Last Updated: 2025-07-08

Basic Information

• Recruitment Status: ENROLLING_BY_INVITATION
• Total Enrollment: 200 participants
• Study Classification: OBSERVATIONAL
• Study Start Date: 2025-05-25
• Study Completion Date: 2025-10-30

Brief Summary

This study analyzes the use of DS8201 in the treatment of metastatic breast cancer in the real world by analysis, exploring whether there are differences in effectiveness and safety between real-world conditions and clinical trials.

Detailed Description

In 2022, there were 19.96 million new cancer cases worldwide, of which about 2.3 million (11.6%) were new female breast cancer, making breast cancer the most common female malignant tumor. In China, 357.2 thousand new cases of female breast cancer were diagnosed, accounting for 15.6% of the total cases. Breast cancer ranks first in both morbidity and mortality among female tumors. About 3%-10% of newly diagnosed breast cancer patients have distant metastasis at the time of diagnosis, and about 30% of early breast cancer patients develop into advanced breast cancer. The 5-year survival rate of advanced breast cancer patients is only 20%, and the median overall survival time is 2-3 years.
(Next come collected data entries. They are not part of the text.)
Lemma SmMod_ext a b : SmMod a -> (forall e, a e = b e) -> SmMod b.
Proof. intros H E; replace b with a; [exact H | apply functional_extensionality, E]. Qed.

Lemma SmMod_opp a : SmMod a -> SmMod (fun e => - a e).
Proof.
  intros H; apply (SmMod_ext (fun e => (fun _ => -1) e * a e)); [| intros; ring].
  apply SmMod_mul; [apply SmMod_const | exact H].
Qed.

Lemma SmMod_sub a b : SmMod a -> SmMod b -> SmMod (fun e => a e - b e).
Proof. intros Ha Hb; apply SmMod_add; [| apply SmMod_opp]; auto. Qed.

(* A smooth approximation of [Rmin x y = (x + y - |x - y|) / 2] from below. *)
Definition smin (d x y : R) : R := (x + y - sqrt ((x - y) ^ 2 + d ^ 2)) / 2.

Lemma sqrt_sq_add_sq_bounds x d :
  0 <= d -> Rabs x <= sqrt (x ^ 2 + d ^ 2) <= Rabs x + d.
Proof.
  intros Hd; pose proof (Rabs_pos x).
  assert (Hx2 : x ^ 2 = Rabs x ^ 2) by (rewrite <- pow2_abs; reflexivity).
  split.
  - rewrite <- (sqrt_pow2 (Rabs x)) by lra; apply sqrt_le_1_alt; nra.
  - rewrite <- (sqrt_pow2 (Rabs x + d)) by lra; apply sqrt_le_1_alt; nra.
Qed.

Lemma smin_bounds d x y : 0 <= d -> Rmin x y - d / 2 <= smin d x y <= Rmin x y.
Proof.
  intros Hd; pose proof (sqrt_sq_add_sq_bounds (x - y) d Hd); unfold smin, Rmin, Rabs in *.
  destruct (Rle_dec x y), (Rcase_abs (x - y)); lra.
Qed.

Lemma Rabs_smin_le d x y : 0 <= d -> Rabs (smin d x y) <= Rabs x + Rabs y + d.
Proof.
  intros Hd; pose proof (smin_bounds d x y Hd); unfold Rmin, Rabs in *.
  destruct (Rle_dec x y), (Rcase_abs (smin d x y)), (Rcase_abs x), (Rcase_abs y); lra.
Qed.

Lemma smooth_on_smin c a b : smooth_on c a -> smooth_on c b ->
  smooth_on c (fun e => smin (exp_neg_inv e) (a e) (b e)).
Proof.
  intros Ha Hb; set (q := fun e => (a e - b e) ^ 2 + exp_neg_inv e ^ 2).
  assert (Hq : smooth_on c q).
  { apply (smooth_on_ext c (fun e =>
      (a e + (fun _ => -1) e * b e) * (a e + (fun _ => -1) e * b e)
      + exp_neg_inv e * exp_neg_inv e)); [| intros; unfold q; ring].
    repeat first [apply smooth_on_add | apply smooth_on_mul | apply smooth_on_const
                 | apply smooth_on_exp_neg_inv | assumption]. }
  assert (Hs : smooth_on c (fun e => sqrt (q e))).
  { apply smooth_on_sqrt; auto; intros x _; unfold q.
    pose proof (pow2_ge_0 (a x - b x)); pose proof (pow_lt (exp_neg_inv x) 2 (exp_pos _)); lra. }
  apply (smooth_on_ext c
    (fun e => (a e + b e + (fun _ => -1) e * sqrt (q e)) * (fun _ => / 2) e));
    [| intros; unfold smin, q; field].
  repeat first [apply smooth_on_add | apply smooth_on_mul | apply smooth_on_const | assumption].
Qed.

Lemma SmMod_smin a b : SmMod a -> SmMod b -> SmMod (fun e => smin (exp_neg_inv e) (a e) (b e)).
Proof.
  intros [Sa Ma] [Sb Mb]; split.
  - apply (smooth_I_lift2 (fun a b e => smin (exp_neg_inv e) (a e) (b e))); auto.
    intros; apply smooth_on_smin; auto.
  - apply (moderate_le (fun e => Rabs (a e) + Rabs (b e) + 1)).
    + apply moderate_add; [apply moderate_add; apply moderate_abs |
        apply moderate_const]; auto.
    + intros e [He _]; pose proof (exp_pos (- / e)).
      assert (exp_neg_inv e <= 1).
      { unfold exp_neg_inv; rewrite <- exp_0; left; apply exp_increasing.
        pose proof (Rinv_0_lt_compat e He); lra. }
      pose proof (Rabs_smin_le (exp_neg_inv e) (a e) (b e) ltac:(unfold exp_neg_inv; lra)); lra.
Qed.

Lemma negligible_smin_sub_Rmin a b :
  negligible (fun e => smin (exp_neg_inv e) (a e) (b e) - Rmin (a e) (b e)).
Proof.
  apply (negligible_le exp_neg_inv); [apply negligible_exp_neg_inv |].
  intros e _; pose proof (exp_pos (- / e)).
  pose proof (smin_bounds (exp_neg_inv e) (a e) (b e) ltac:(unfold exp_neg_inv; lra)).
  apply Rabs_le; unfold exp_neg_inv in *; lra.
Qed.

Definition nopp (r : net) : net := fun e => - r e.

Definition le_upto_negl (r s : net) : Prop :=
  exists d, SmMod d /\ negligible d /\ forall e, inI e -> r e <= s e + d e.

Lemma eqsm_refl r : eqsm r r.
Proof. intros m; exists 0, 1; split; [lra |]; intros; rewrite Rminus_diag, Rabs_R0; lra. Qed.

Lemma lesm_iff_le_upto_negl r s : SmMod r -> SmMod s -> lesm r s <-> le_upto_negl r s.
Proof.
  intros Hr Hs; split.
  - intros [r' [s' [Hr' [Hs' [Er [Es Hle]]]]]].
    exists (fun e => (r e - r' e) - (s e - s' e)); split; [| split].
    + apply SmMod_sub; apply SmMod_sub; auto.
    + apply negligible_sub; auto.
    + intros e He; specialize (Hle e He); lra.
  - intros [d [Hd [Nd Hle]]]; exists r, (fun e => s e + d e).
    split; [| split; [| split; [| split]]]; auto.
    + apply SmMod_add; auto.
    + apply eqsm_refl.
    + apply (negligible_ext _ _ (negligible_opp d Nd)); intros; ring.
Qed.

Lemma lesm_refl r : SmMod r -> lesm r r.
Proof.
  intros Hr; exists r, r; split; [| split; [| split; [| split]]]; auto using eqsm_refl.
  intros; lra.
Qed.

Lemma lesm_antisym r s : SmMod r -> SmMod s -> lesm r s -> lesm s r -> eqsm r s.
Proof.
  intros Hr Hs; rewrite !lesm_iff_le_upto_negl by auto.
  intros [d1 [_ [N1 H1]]] [d2 [_ [N2 H2]]].
  apply (negligible_le (fun e => Rabs (d1 e) + Rabs (d2 e))).
  - apply negligible_add; apply negligible_abs; auto.
  - intros e He; specialize (H1 e He); specialize (H2 e He).
    pose proof (Rle_abs (d1 e)); pose proof (Rle_abs (d2 e)).
    pose proof (Rabs_pos (d1 e)); pose proof (Rabs_pos (d2 e)); apply Rabs_le; lra.
Qed.

Lemma lesm_trans r s t : SmMod r -> SmMod s -> SmMod t ->
  lesm r s -> lesm s t -> lesm r t.
Proof.
  intros Hr Hs Ht; rewrite !lesm_iff_le_upto_negl by auto.
  intros [d1 [D1 [N1 H1]]] [d2 [D2 [N2 H2]]]; exists (fun e => d1 e + d2 e).
  split; [apply SmMod_add | split; [apply negligible_add |]]; auto.
  intros e He; specialize (H1 e He); specialize (H2 e He); lra.
Qed.

Lemma lesm_add2r r s t : SmMod r -> SmMod s -> SmMod t ->
  lesm r s -> lesm (nadd r t) (nadd s t).
Proof.
  intros Hr Hs Ht Hrs; apply lesm_iff_le_upto_negl in Hrs as [d [D [N H]]]; auto.
  apply lesm_iff_le_upto_negl; [apply SmMod_add; auto .. |].
  exists d; split; [| split]; auto.
  intros e He; specialize (H e He); unfold nadd; lra.
Qed.

(* [0 <= (r + d1) (s + d2) = r s + (r d2 + d1 s + d1 d2)] *)
Lemma lesm_mul_ge0 r s : SmMod r -> SmMod s ->
  lesm nzero r -> lesm nzero s -> lesm nzero (nmul r s).
Proof.
  intros Hr Hs Hr0 Hs0; pose proof (SmMod_const 0) as H0.
  apply lesm_iff_le_upto_negl in Hr0 as [d1 [D1 [N1 H1]]]; auto.
  apply lesm_iff_le_upto_negl in Hs0 as [d2 [D2 [N2 H2]]]; auto.
  apply lesm_iff_le_upto_negl; [| apply SmMod_mul |]; auto.
  exists (fun e => r e * d2 e + d1 e * s e + d1 e * d2 e); split; [| split].
  - apply SmMod_add; [apply SmMod_add |]; apply SmMod_mul; auto.
  - destruct Hr as [_ Mr], Hs as [_ Ms].
    apply negligible_add; [apply negligible_add |];
      [apply negligible_mull | apply negligible_mulr | apply negligible_mull];
      auto using negligible_moderate.
  - intros e He; specialize (H1 e He); specialize (H2 e He); unfold nzero, nmul in *.
    pose proof (Rmult_le_pos _ _ H1 H2); lra.
Qed.

Lemma minsm_exists r s : SmMod r -> SmMod s -> exists m, is_minsm r s m.
Proof.
  intros Hr Hs; exists (fun e => smin (exp_neg_inv e) (r e) (s e)).
  split; [apply SmMod_smin; auto | apply negligible_smin_sub_Rmin].
Qed.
Breast cancer is mainly divided into four molecular subtypes, Luminal A, Luminal B, Human epidermal growth factor receptor2 (HER2) overexpression and triple-negative, with different treatment and prognosis. HER2 is important in breast cancer Driver genes AND outcome MEASURES. Because of the advent of HER2-targeting agents such as trastuzumab, guidelines classify HER2 as positive or negative. HER2 positivity (HER2+) was defined as HER2 IHC 3+, IHC 2+/ISH+ and represented 15% of the overall breast cancer population 20%, with a high degree of malignancy, strong invasion, poor prognosis, easy recurrence, easy metastasis. Her2-targeted drugs such as trastuzumab and pertuzumab have been clinically used to significantly prolong the survival of patients with HER2-positive breast cancer and improve the prognosis of the disease. With the advent of ADC drugs, patients with HER2 IHC1+ or IHC2+ and no HER2 amplification on in situ hybridization were defined as having low HER2 expression and occupying the breastAnd 45%-55% of patients with adenocarcinoma. Although these patients are not considered as an independent prognosis subtype at present, there are many new ADC drugs for treatment.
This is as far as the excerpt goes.